# Easy → Medium → Hard curriculum walkthrough

This notebook demonstrates a complete curriculum that fades from easy to medium to hard data,
mirroring the minimal example shown in the project README but with richer inspection utilities.

## Setup
We make sure the local `curriculus` package is importable and prepare some toy datasets that
stand in for easy / medium / hard supervision.

In [None]:
import itertools
import random
from collections import Counter
from pathlib import Path
import sys

ROOT = Path.cwd()
if not (ROOT / "src").exists():
    ROOT = ROOT.parent
if not (ROOT / "src").exists():
    ROOT = ROOT.parent
sys.path.insert(0, str(ROOT / "src"))

from curriculus import Curriculus, CurriculusPlanner

In [7]:
def make_examples(label: str, count: int, seed: int = 0):
    rng = random.Random(seed)
    base_templates = [
        "{label} sample #{idx}: classify sentiment",
        "{label} sample #{idx}: extract entities",
        "{label} sample #{idx}: summarize paragraph",
    ]
    return [
        {"difficulty": label, "text": rng.choice(base_templates).format(label=label.title(), idx=i)}
        for i in range(count)
    ]

easy_samples = make_examples("easy", 40, seed=1)
medium_samples = make_examples("medium", 30, seed=2)
hard_samples = make_examples("hard", 20, seed=3)

datasets = [
    {"name": "easy", "dataset": easy_samples},
    {"name": "medium", "dataset": medium_samples},
    {"name": "hard", "dataset": hard_samples},
]

Counter([row["difficulty"] for row in itertools.chain(easy_samples, medium_samples, hard_samples)])

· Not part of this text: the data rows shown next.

(* Let $(c_t)_{t\ge0}$ be a non-decreasing sequence of positive reals and let $x^\star\in\mathbb R^d$ be a minimizer of $f$. For every $t\ge0$ let $s(t)$ be the largest multiple of $\tau$ with $s(t)\le t$. Then the FedDecSPS iterates satisfy (pathwise) $$R_t:=\frac1n\sum_{i=1}^n\|\bar x_t-x_t^i\|^2\le\frac\tau n\sum_{i=1}^n\sum_{j=s(t)}^{t-1}\frac{\gamma_j^i}{c_j}\big[F_i(x_j^i,\xi_j^i)-F_i(x^\star,\xi_j^i)\big]+\frac{c_0\gamma_b\tau}{n}\sum_{i=1}^n\sum_{j=s(t)}^{t-1}\frac1{c_j^2}\big[F_i(x^\star,\xi_j^i)-\ell_i^\star\big].$$
   Context: For each $i\in[n]$, $\mathcal D_i$ is a probability distribution on $\Omega_i$, $F_i:\mathbb R^d\times\Omega_i\to\mathbb R$ with $F_i(\cdot,\xi)$ differentiable for $\xi\in\operatorname{supp}(\mathcal D_i)$; $f_i(x):=\mathbb E_{\xi\sim\mathcal D_i}F_i(x,\xi)$, $f:=\frac1n\sum_if_i$. $F_i^\star:=\inf_{\xi\in\operatorname{supp}(\mathcal D_i),x}F_i(x,\xi)$ and $\ell_i^\star\le F_i^\star$ are given reals. FedDecSPS with parameter $\gamma_b>0$, communication period integer $\tau\ge1$, and non-decreasing positive sequence $(c_t)_{t\ge0}$: set $c_{-1}:=c_0$, $\gamma_{-1}^i:=\gamma_b$, $x_0^i=x_0$. At each $t\ge0$, client $i$ draws $\xi_t^i\sim\mathcal D_i$, sets $g_t^i:=\nabla F_i(x_t^i,\xi_t^i)$, $\gamma_t^i:=\frac1{c_t}\min\{\frac{F_i(x_t^i,\xi_t^i)-\ell_i^\star}{\|g_t^i\|^2},c_{t-1}\gamma_{t-1}^i\}$ (first term $+\infty$ if $g_t^i=0$); if $t+1$ is a multiple of $\tau$, $x_{t+1}^i:=\frac1n\sum_j(x_t^j-\gamma_t^jg_t^j)$ for all $i$, else $x_{t+1}^i:=x_t^i-\gamma_t^ig_t^i$. $\bar x_t:=\frac1n\sum_ix_t^i$. *)

From HB Require Import structures.
From mathcomp Require Import all_boot all_order all_algebra.
From mathcomp Require Import all_classical all_reals all_analysis.
Set Implicit Arguments. Unset Strict Implicit. Unset Printing Implicit Defensive.
Import Order.TTheory GRing.Theory Num.Theory.
Import numFieldNormedType.Exports.
Local Open Scope classical_set_scope.
Local Open Scope ring_scope.

Section FedDecSPS.
Variables (R : realType) (d n : nat).
Local Notation vec := 'rV[R]_d.

Definition sqnorm (v : vec) : R := \sum_(k < d) (v 0 k) ^+ 2.

Definition grad (f : vec -> R) (x : vec) : vec :=
  \row_(k < d) ('D_(delta_mx 0 k) f x).

Variables (Omega : 'I_n -> Type) (F : forall i : 'I_n, vec -> Omega i -> R)
  (ell : 'I_n -> R) (gamma_b : R) (tau : nat) (c : nat -> R) (x0 : vec)
  (xi : nat -> forall i : 'I_n, Omega i).

(* c_{t-1}, with the convention c_{-1} = c_0 *)
Definition cprev (t : nat) : R := if t is t'.+1 then c t' else c 0.

Definition sgrad (t : nat) (i : 'I_n) (x : vec) : vec :=
  grad (fun y => F y (xi t i)) x.

Definition stepsize (t : nat) (i : 'I_n) (x : vec) (gp : R) : R :=
  let g := sgrad t i x in
  (c t)^-1 * (if g == 0 then cprev t * gp
              else Num.min ((F x (xi t i) - ell i) / sqnorm g) (cprev t * gp)).

(* state at time t : (x_t^i)_i together with (gamma_{t-1}^i)_i *)
Fixpoint state (t : nat) : ('I_n -> vec) * ('I_n -> R) :=
  match t with
  | 0 => (fun _ => x0, fun _ => gamma_b)
  | t'.+1 =>
      let xs := (state t').1 in
      let gs := (state t').2 in
      let gam := fun i => stepsize t' i (xs i) (gs i) in
      let y := fun i => xs i - gam i *: sgrad t' i (xs i) in
      ((if (tau %| t'.+1)%N then fun _ => (n%:R)^-1 *: \sum_(j < n) y j
        else y), gam)
  end.

Definition iter_x (t : nat) (i : 'I_n) : vec := (state t).1 i.
Definition iter_gamma (t : nat) (i : 'I_n) : R := (state t.+1).2 i.
Definition xbar (t : nat) : vec := (n%:R)^-1 *: \sum_(i < n) iter_x t i.
Lemma efrac_scale (m n : nat) k : (0 < n)%N -> efrac m k = efrac (m * n) (k * n%:Z).
Proof.
move=> n_gt0; rewrite /efrac natrM intrM -[n%:Z%:~R]/(n%:R : R) invfM mulrACA.
by rewrite mulfV ?pnatr_eq0 -?lt0n // mulr1.
Qed.

End AdditiveCharacter.

Section Orthogonality.
Context {R : realType}.

Lemma cmod_1_sub_efracN q m : cmod (1 - @efrac R q (- m)) = cmod (1 - efrac q m).
Proof.
have -> : 1 - @efrac R q (- m) = - efrac q (- m) * (1 - efrac q m).
  by rewrite mulrBr mulr1 mulNr -efracD addNr efrac0 opprK addrC.
by rewrite cmodM cmodN cmod_efrac mul1r.
Qed.

Lemma cmod_1_sub_efrac_ge1 (q m : nat) :
  (0 < q)%N -> (q <= 4 * m <= 2 * q)%N -> 1 <= cmod (1 - @efrac R q m).
Proof.
move=> q_gt0 /andP[lo hi]; apply: le_trans _ (Re_le_cmod _).
rewrite /= lerDl oppr_ge0 /=.
set y : R := m%:~R / q%:R.
have q_pos : (0 : R) < q%:R by rewrite ltr0n.
have hy : (4 * m)%N%:R = 4 * y * q%:R.
  by rewrite /y natrM -!mulrA mulVf ?gt_eqF ?mulr1.
have /andP[y_lo y_hi] : 1/4 <= y <= 1/2.
  move: lo hi; rewrite -!(ler_nat R) hy natrM => ??.
  apply/andP; split; nra.
have -> : 2 * pi * y = (2 * pi * y - pi / 2) + pi / 2 by rewrite subrK.
have pi_pos := pi_gt0 R.
by rewrite cosDpihalf oppr_le0; apply: sin_ge0_pi; apply/andP; split; nra.
Qed.

Lemma cmod_1_sub_efrac_lb (q s : nat) : (0 < s)%N -> (2 * s <= q)%N ->
  (2 * s)%:R <= q%:R * cmod (1 - @efrac R q s).
Proof.
move=> s_gt0 sq.
(* Pick k with ks/q in [1/4, 1/2]: then Re e(ks/q) <= 0, so 1 <= |1 - w^k| <= k |1 - w|
   for w = e(s/q). *)
have [k k_ge1 /andP[sk_le sk_ge]] : exists2 k, (1 <= k)%N & (2 * s * k <= q <= 4 * s * k)%N.
  have := divn_eq q (2 * s); have : (q %% (2 * s) < 2 * s)%N by rewrite ltn_pmod ?muln_gt0.
  move: (q %/ (2 * s))%N (q %% (2 * s))%N => [|k] r r_lt q_eq; first lia.
  by exists k.+1 => //; apply/andP; split; nia.
have ge1 : 1 <= k%:R * cmod (1 - @efrac R q s).
  apply: le_trans _ (cmod_1subX_le _ k (cmod_efrac q s)).
  rewrite -efracMn -PoszM; apply: cmod_1_sub_efrac_ge1; lia.
have c_ge0 := cmod_ge0 (1 - @efrac R q s).
move: sk_le; rewrite -(ler_nat R) !natrM => sk_le.
have s_ge0 : (0 : R) <= s%:R by [].
nra.
Qed.

Lemma cmod_1_sub_efrac_min (q j : nat) : (0 < j < q)%N ->
  (2 * minn j (q - j))%:R <= q%:R * cmod (1 - @efrac R q j).
Proof.
move=> /andP[j_gt0 jq].
have [jle|jgt] := leqP j (q - j).
  by apply: cmod_1_sub_efrac_lb; lia.
have -> : @efrac R q j = efrac q (- (q - j)%N%:Z).
  by apply: efrac_congr; [lia | rewrite opprK -PoszD subnKC ?dvdzz // ltnW].
rewrite cmod_1_sub_efracN.
apply: cmod_1_sub_efrac_lb; lia.
Qed.

Lemma efrac_neq1 (q : nat) (m : int) : (0 < q)%N -> ~~ (q %| m)%Z -> @efrac R q m != 1.
Proof.
move=> q_gt0 ndvd.
have q_neq0 : q%:Z != 0 by rewrite eqz_nat -lt0n.
pose j := `|(m %% q)%Z|%N.
have hj : (m %% q)%Z = j by rewrite gez0_abs ?modz_ge0.
have j_gt0 : (0 < j)%N.
  by rewrite lt0n -eqz_nat -hj; apply: contra ndvd => /eqP/dvdz_mod0P.
have jq : (j < q)%N by rewrite -ltz_nat -hj ltz_pmod ?ltz_nat.
have -> : @efrac R q m = efrac q j.
  by apply: efrac_congr; rewrite // -eqz_mod_dvd -hj modz_mod.
apply/eqP => e1; have := @cmod_1_sub_efrac_min q j.
by rewrite j_gt0 jq e1 subrr cmod0 mulr0 lern0 => /(_ isT) /eqP; lia.
Qed.

Lemma sum_efrac (q : nat) (m : int) : (0 < q)%N ->
  \sum_(b < q) @efrac R q (b%:Z * m) = if (q %| m)%Z then q%:R else 0.
Proof.
move=> q_gt0; under eq_bigr => b _ do rewrite mulrC efracMn.
case: ifP => [qm | /negbT/(efrac_neq1 _ _ q_gt0) ne1].
  rewrite (@efrac_congr R q m 0) ?subr0 // efrac0.
  by under eq_bigr => b _ do rewrite expr1n; rewrite sumr_const card_ord.
have wq : @efrac R q m ^+ q = 1.
  by rewrite -efracMn (@efrac_congr R q _ 0) ?efrac0 // subr0 dvdz_mull.
apply/eqP; have := subrX1 (@efrac R q m) q; rewrite wq subrr => /esym/eqP.
by rewrite mulf_eq0 subr_eq0 (negbTE ne1).
Qed.

End Orthogonality.

Section FourierCoefficients.
Context {R : realType}.
Implicit Types f : int -> R[i].

Definition fcoef (q : nat) f (b : nat) : R[i] :=
  q%:R^-1 * \sum_(r < q) f r%:Z * eC (b%:R * r%:R / q%:R).

Definition fcoef_max (q : nat) f : R := \big[Num.max/0]_(b < q) cmod (fcoef q f b).

Lemma fcoef_max_ge0 q f : 0 <= fcoef_max q f.
Proof. exact: bigmax_ge_id. Qed.

Lemma le_fcoef_max q f (b : 'I_q) : cmod (fcoef q f b) <= fcoef_max q f.
Proof. exact: le_bigmax. Qed.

Counter({'easy': 40, 'medium': 30, 'hard': 20})

## Planning the schedule
We auto-generate a sequential curriculum and inspect the resulting sampling plan. This step is optional but recommended for debugging and validation.

In [8]:
planner = CurriculusPlanner(
    datasets=datasets,
    total_steps=90,
    oversampling=False,
    best_effort=True,
)
print(planner.get_plan_summary())

Total Steps: 90\nOversampling: False\nBest Effort: True\nDataset Budget:\n  easy: OK           (40 available)\n  medium: SCALED       (30 available, 45 needed (0.67x))\n  hard: SCALED       (20 available, 22 needed (0.89x))


## Sampling preview
Draw a handful of curriculum samples to see the fade between difficulty levels.

In [9]:
mixed_dataset = Curriculus(
    datasets=datasets,
    total_steps=30,
    oversampling=False,
    best_effort=True,
)

preview = []
for step, sample in zip(range(20), mixed_dataset['train']):
    preview.append({"step": step, "difficulty": sample["difficulty"], "text": sample["text"]})

preview


[{'step': 0,
  'difficulty': 'easy',
  'text': 'Easy sample #0: classify sentiment'},
 {'step': 1,
  'difficulty': 'easy',
  'text': 'Easy sample #1: summarize paragraph'},
 {'step': 2,
  'difficulty': 'easy',
  'text': 'Easy sample #2: classify sentiment'},
 {'step': 3, 'difficulty': 'easy', 'text': 'Easy sample #3: extract entities'},
 {'step': 4,
  'difficulty': 'easy',
  'text': 'Easy sample #4: classify sentiment'},
 {'step': 5,
  'difficulty': 'medium',
  'text': 'Medium sample #0: classify sentiment'},
 {'step': 6, 'difficulty': 'easy', 'text': 'Easy sample #5: extract entities'},
 {'step': 7, 'difficulty': 'easy', 'text': 'Easy sample #6: extract entities'},
 {'step': 8,
  'difficulty': 'medium',
  'text': 'Medium sample #1: classify sentiment'},
 {'step': 9, 'difficulty': 'easy', 'text': 'Easy sample #7: extract entities'},
 {'step': 10,
  'difficulty': 'medium',
  'text': 'Medium sample #2: classify sentiment'},
 {'step': 11,
  'difficulty': 'medium',
  'text': 'Medium sample

In [12]:
mixed_dataset.to_hf_dataset()

DatasetDict({
    train: Dataset({
        features: ['difficulty', 'text'],
        num_rows: 30
    })
})

## Next steps
- Swap the toy lists for real datasets.
- Tune `total_steps`, `oversampling`, and custom schedules as needed.
- Feed the `CurriculusIterableDataset` into your trainer / dataloader.